(Records excerpted from a collection)
<<<<

Lemma head_build_rows_ones r ps M : all (pred1 1) (head [::] M) ->
  all (pred1 1) (head [::] (build_rows r ps M)).
Proof.
elim: ps M => [|[k x] ps IH] M h1 //=; apply: IH.
by elim: x => //= x IHx; apply: head_appendrow_ones.
Qed.

Lemma head_Amat_ones y a : all (pred1 1) (head [::] (Amat p (y :: a))).
Proof. by rewrite Amat_cons; apply: head_build_rows_ones. Qed.

Lemma nth_appendrow_top r M i : i < size M ->
  nth [::] (appendrow p r r M) i = flatten (nseq p (nth [::] M i)).
Proof. by move=> iM; rewrite nth_rcons size_map iM (nth_map [::]) // subnn expn1. Qed.

Lemma nth_appendrow_last r M : nth [::] (appendrow p r r M) (size M) =
  flatten [seq nseq (size (head [::] M)) (j * p ^ r.-1) | j <- iota 0 p].
Proof. by rewrite nth_rcons size_map ltnn eqxx subnn expn1 subn1. Qed.

Lemma Amat_rcons_succ y a x : Amat p (y :: rcons a x.+1) =
  appendrow p (size a).+2 (size a).+2 (Amat p (y :: rcons a x)).
Proof.
have zip_iota z : zip (iota 1 (size a).+2) (y.-1 :: rcons a z) =
    rcons (zip (iota 1 (size a).+1) (y.-1 :: a)) ((size a).+2, z).
  by rewrite -rcons_cons -[(size a).+2]addn1 iotaD cats1 zip_rcons ?size_iota // addnC.
by rewrite !Amat_cons !size_rcons !zip_iota /build_rows !foldl_rcons.
Qed.

Lemma Amat_cons1 y a : Amat p [:: 1, y.-1 & a] = lift_rows (Amat p (y :: a)).
Proof. exact: (build_rows_lift (size a).+1 (y.-1 :: a) [:: [:: 1]] (ltnSn 0)). Qed.

End Rows.

Lemma scal_map_mulp p r c w :
  scal p r.+1 c (map (muln p) w) = map (muln p) (scal p r c w).
Proof. by rewrite /scal -!map_comp; apply: eq_map => x /=; rewrite mulnCA expnS muln_modr. Qed.

Lemma scal_mulp p r c w : scal p r.+1 (p * c) w = map (muln p) (scal p r c w).
Proof. by rewrite /scal -map_comp; apply: eq_map => x /=; rewrite -mulnA expnS muln_modr. Qed.

Lemma scal_lt p r c w : 0 < p -> all (fun x => x < p ^ r) (scal p r c w).
Proof. by move=> p_gt0; apply/allP => _ /mapP[x _ ->]; rewrite ltn_mod expn_gt0 p_gt0. Qed.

>>>>

Your reply should consist of all the records, restated exactly.

**RESULT OF THE EXERCISE**:
Lemma head_build_rows_ones r ps M : all (pred1 1) (head [::] M) ->
  all (pred1 1) (head [::] (build_rows r ps M)).
Proof.
elim: ps M => [|[k x] ps IH] M h1 //=; apply: IH.
by elim: x => //= x IHx; apply: head_appendrow_ones.
Qed.

Lemma head_Amat_ones y a : all (pred1 1) (head [::] (Amat p (y :: a))).
Proof. by rewrite Amat_cons; apply: head_build_rows_ones. Qed.

Lemma nth_appendrow_top r M i : i < size M ->
  nth [::] (appendrow p r r M) i = flatten (nseq p (nth [::] M i)).
Proof. by move=> iM; rewrite nth_rcons size_map iM (nth_map [::]) // subnn expn1. Qed.

Lemma nth_appendrow_last r M : nth [::] (appendrow p r r M) (size M) =
  flatten [seq nseq (size (head [::] M)) (j * p ^ r.-1) | j <- iota 0 p].
Proof. by rewrite nth_rcons size_map ltnn eqxx subnn expn1 subn1. Qed.

Lemma Amat_rcons_succ y a x : Amat p (y :: rcons a x.+1) =
  appendrow p (size a).+2 (size a).+2 (Amat p (y :: rcons a x)).
Proof.
have zip_iota z : zip (iota 1 (size a).+2) (y.-1 :: rcons a z) =
    rcons (zip (iota 1 (size a).+1) (y.-1 :: a)) ((size a).+2, z).
  by rewrite -rcons_cons -[(size a).+2]addn1 iotaD cats1 zip_rcons ?size_iota // addnC.
by rewrite !Amat_cons !size_rcons !zip_iota /build_rows !foldl_rcons.
Qed.

Lemma Amat_cons1 y a : Amat p [:: 1, y.-1 & a] = lift_rows (Amat p (y :: a)).
Proof. exact: (build_rows_lift (size a).+1 (y.-1 :: a) [:: [:: 1]] (ltnSn 0)). Qed.

End Rows.

Lemma scal_map_mulp p r c w :
  scal p r.+1 c (map (muln p) w) = map (muln p) (scal p r c w).
Proof. by rewrite /scal -!map_comp; apply: eq_map => x /=; rewrite mulnCA expnS muln_modr. Qed.

Lemma scal_mulp p r c w : scal p r.+1 (p * c) w = map (muln p) (scal p r c w).
Proof. by rewrite /scal -map_comp; apply: eq_map => x /=; rewrite -mulnA expnS muln_modr. Qed.

Lemma scal_lt p r c w : 0 < p -> all (fun x => x < p ^ r) (scal p r c w).
Proof. by move=> p_gt0; apply/allP => _ /mapP[x _ ->]; rewrite ltn_mod expn_gt0 p_gt0. Qed.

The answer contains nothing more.